== About this task ==
Each line in the data holding "Section" should be listed.

BEGIN Material supplied

(* Let $\mathcal C$ be a concept hierarchy and $r_1\in[0,1]$. Let $\mathcal A_2$ be the network defined below. Then for every $B\subseteq C_0$ presented at time 0 and every concept $c\in C$ with $c\notin supp_{r_1}(B)$, the neuron $rep(c)$ does not fire at time $level(c)$ in $\mathcal A_2$ (that is, $\mathcal A_2$ guarantees $r_1$-non-firing for $\mathcal C$).
   Context: Concept hierarchies: fix positive integers $\ell_{max},n,k$. A universal set $D$ of concepts is partitioned into disjoint sets $D_0,\dots,D_{\ell_{max}}$ with $|D_0|=n$; $level(c)=\ell$ for $c\in D_\ell$. A concept hierarchy $\mathcal C$ consists of $C\subseteq D$, with $C_\ell=C\cap D_\ell$, and for each $c\in C_\ell$ with $1\le\ell\le\ell_{max}$ a set $children(c)\subseteq C_{\ell-1}$, such that $|C_{\ell_{max}}|=k$, $|children(c)|=k$ for all such $c$, and $children(c)\cap children(c')=\emptyset$ for distinct $c,c'\in C_\ell$. For $B\subseteq D_0$ and $r\in[0,1]$: $B(0)=B\cap C_0$; for $1\le\ell\le\ell_{max}$, $B(\ell)=\{c\in C_\ell:|children(c)\cap B(\ell-1)|\ge rk\}$; $supp_r(B)=\bigcup_{\ell}B(\ell)$. Network $\mathcal A_2$: neurons partitioned into layers $N_0,\dots,N_{\ell_{max}}$; no failures. Each $c\in D_0$ has a neuron $rep(c)\in N_0$ and each $c\in C$ with $level(c)\ge1$ a neuron $rep(c)\in N_{level(c)}$, all distinct. For $v\in N_\ell$, $\ell\ge1$, and $u\in N_{\ell-1}$, the edge weight $w(u,v)$ is $1$ if $v=rep(c)$ and $u=rep(c')$ for some child $c'$ of $c$, and $0$ otherwise. Threshold $\tau=r_1k$. Input $B\subseteq C_0$ presented at time 0: layer-0 neurons in $\{rep(b):b\in B\}$ fire at time 0, other layer-0 neurons do not, and no layer-0 neuron fires at any other time. Every neuron $v$ in a layer $\ell\ge1$ does not fire at time 0 and fires at time $t\ge1$ iff $\sum_{u\in N_{\ell-1}}w(u,v)x_u(t-1)\ge\tau$, where $x_u(s)\in\{0,1\}$ indicates whether $u$ fires at time $s$. *)

From HB Require Import structures.
From mathcomp Require Import all_boot all_order all_algebra.
Set Implicit Arguments. Unset Strict Implicit. Unset Printing Implicit Defensive.
Import Order.TTheory GRing.Theory Num.Theory.

(* Concepts form a finite type D; [level d] is the index of the block D_l of the
   partition D_0, ..., D_lmax containing d. *)
Section Hierarchy.
Variables (D : finType) (level : D -> nat).

Definition Dlev (l : nat) : {set D} := [set d | level d == l].

Definition Clev (C : {set D}) (l : nat) : {set D} := C :&: Dlev l.

Definition is_concept_hierarchy (lmax n k : nat) (C : {set D})
    (children : D -> {set D}) : Prop :=
  [/\ (forall d, level d <= lmax),
      #|Dlev 0| = n,
      #|Clev C lmax| = k,
      (forall c, c \in C -> 1 <= level c <= lmax ->
         children c \subset Clev C (level c).-1 /\ #|children c| = k) &
      (forall l c c', 1 <= l <= lmax -> c \in Clev C l -> c' \in Clev C l ->
         c != c' -> [disjoint children c & children c'])].

Fixpoint Bset (R : numDomainType) (C : {set D}) (children : D -> {set D})
    (k : nat) (r : R) (B : {set D}) (l : nat) : {set D} :=
  match l with
  | 0 => B :&: Clev C 0
  | l'.+1 => [set c in Clev C l'.+1 |
               (r * k%:R <= #|children c :&: Bset C children k r B l'|%:R)%R]
  end.

Definition supp (R : numDomainType) (lmax : nat) (C : {set D})
    (children : D -> {set D}) (k : nat) (r : R) (B : {set D}) : {set D} :=
  \bigcup_(l < lmax.+1) Bset C children k r B l.

End Hierarchy.

Section Network.
Variables (D N : finType) (level : D -> nat) (layer : N -> nat) (rep : D -> N)
          (C : {set D}) (children : D -> {set D}).

Definition represented (d : D) : bool := (level d == 0) || ((d \in C) && (0 < level d)).

Definition network_ok (lmax : nat) : Prop :=
  [/\ (forall v, layer v <= lmax),
      (forall d, represented d -> layer (rep d) = level d) &
      {in represented &, injective rep}].

Definition weight (u v : N) : nat :=
  if [exists c in C, (0 < level c) && (v == rep c) &&
                     [exists c' in children c, u == rep c']] then 1 else 0.

Fixpoint fires (R : numDomainType) (tau : R) (B : {set D}) (t : nat) (v : N) : bool :=
  match t with
  | 0 => (layer v == 0) && [exists b in B, v == rep b]
  | t'.+1 => (0 < layer v) &&
      (tau <= (\sum_(u | layer u == (layer v).-1) weight u v * fires tau B t' u)%:R)%R
  end.

End Network.

From HB Require Import structures.
From mathcomp Require Import all_boot all_order all_algebra.
Import Order.TTheory GRing.Theory Num.Theory.

(* By induction on l: if rep(c) fires at time l then c is in B(l).  At level 0
   this is the input convention plus injectivity of rep.  At level l+1 the only
   nonzero weights into rep(c) come from the rep(c') with c' a child of c, and by
   induction those firing at time l have c' in B(l); so the input of rep(c) is at
   most |children(c) ∩ B(l)|, and reaching the threshold r k puts c in B(l+1). *)

Lemma sum_mem_leq_card {T : finType} (P : pred T) (S : {set T}) :
  \sum_(u | P u) (u \in S) <= #|S|.
Proof.
rewrite -sum1_card big_mkcond [leqRHS]big_mkcond /=.
by apply: leq_sum => u _; case: (P u); case: (u \in S).
Qed.

Section NonFiring.

Variables (D N : finType) (level : D -> nat) (layer : N -> nat) (rep : D -> N)
          (C : {set D}) (children : D -> {set D}).

Hypothesis children_sub :
  forall c, c \in C -> 0 < level c -> children c \subset Clev level C (level c).-1.
Hypothesis layer_rep :
  forall d, represented level C d -> layer (rep d) = level d.
Hypothesis rep_inj : {in represented level C &, injective rep}.

Lemma represented_mem [d] : d \in C -> represented level C d.
Proof. by rewrite /represented => ->; case: (level d). Qed.

Lemma weight_repE u d : d \in C -> 0 < level d ->
  weight level rep C children u (rep d) = (u \in rep @: children d).
Proof.
move=> dC d_pos; rewrite /weight; case: ifP => [|/negbT/exists_inP no_edge].
- case/exists_inP=> c cC /andP[/andP[c_pos /eqP eq_rep] /exists_inP[c' c'c /eqP ->]].
  by rewrite (rep_inj _ _ (represented_mem dC) (represented_mem cC) eq_rep) imset_f.
- case: imsetP => // -[c' c'd eq_u]; case: no_edge.
  by exists d; rewrite // d_pos eqxx; apply/exists_inP; exists c'; rewrite // eq_u.
Qed.

Lemma input_rep_le_card (R : numDomainType) (tau : R) B t d (X : {set D}) (P : pred N) :
    d \in C -> 0 < level d ->
    {in children d, forall c', fires level layer rep C children tau B t (rep c') -> c' \in X} ->
  \sum_(u | P u) weight level rep C children u (rep d)
                   * fires level layer rep C children tau B t u
    <= #|children d :&: X|.
Proof.
move=> dC d_pos firesX.
apply: leq_trans _ (leq_imset_card rep _).
apply: leq_trans _ (sum_mem_leq_card P _).
apply: leq_sum => u _; rewrite weight_repE //.
case: imsetP => [[c' c'd ->]|]; last by rewrite mul0n.
case: (fires _ _ _ _ _ _ _ _ _) (firesX c' c'd) => // /(_ isT) c'X.
by rewrite imset_f // inE c'd c'X.
Qed.

Variables (R : numDomainType) (k : nat) (r : R) (B : {set D}).
Hypothesis B_sub : B \subset Clev level C 0.

Lemma fires_rep_Bset l d : d \in C -> level d = l ->
  fires level layer rep C children (r * k%:R) B l (rep d) ->
  d \in Bset level C children k r B l.
Proof.
elim: l d => [|l IHl] d dC d_lev /=.
  case/andP=> _ /exists_inP[b bB /eqP eq_rep].
  have bC0 : b \in Clev level C 0 := subsetP B_sub b bB.
  have bC : b \in C by move: bC0; rewrite inE => /andP[].
  by rewrite (rep_inj _ _ (represented_mem dC) (represented_mem bC) eq_rep) inE bB.
case/andP=> _; rewrite layer_rep ?represented_mem // d_lev /= => reach.
rewrite !inE dC d_lev eqxx /=; apply: le_trans reach _; rewrite ler_nat.
have d_pos : 0 < level d by rewrite d_lev.
apply: input_rep_le_card => // c' /(subsetP (children_sub _ dC d_pos)).
by rewrite !inE d_lev => /andP[c'C /eqP c'_lev]; apply: IHl.
Qed.

End NonFiring.

Theorem theorem6p3 (R : realFieldType) (lmax n k : nat)
  (D : finType) (level : D -> nat) (C : {set D}) (children : D -> {set D})
  (N : finType) (layer : N -> nat) (rep : D -> N) (r1 : R) :
  (0 < lmax)%N -> (0 < n)%N -> (0 < k)%N ->
  is_concept_hierarchy level lmax n k C children ->
  (0 <= r1 <= 1)%R ->
  network_ok level layer rep C lmax ->
  forall B : {set D}, B \subset Clev level C 0 ->
  forall c, c \in C -> c \notin supp level lmax C children k r1 B ->
  ~~ fires level layer rep C children (r1 * k%:R)%R B (level c) (rep c).
Proof.
move=> _ _ _ [lev_le _ _ children_ok _] _ [_ layer_rep rep_inj] B B_sub c cC.
have children_sub d : d \in C -> 0 < level d ->
    children d \subset Clev level C (level d).-1.
  by move=> dC d_pos; case: (children_ok d dC); rewrite ?d_pos ?lev_le.
apply: contra => fires_c; apply/bigcupP.
exists (Ordinal (n := lmax.+1) (lev_le c)) => //.
exact: fires_rep_Bset fires_c.
Qed.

END Material supplied

== Solution ==
Section Hierarchy.
Section Network.
Section NonFiring.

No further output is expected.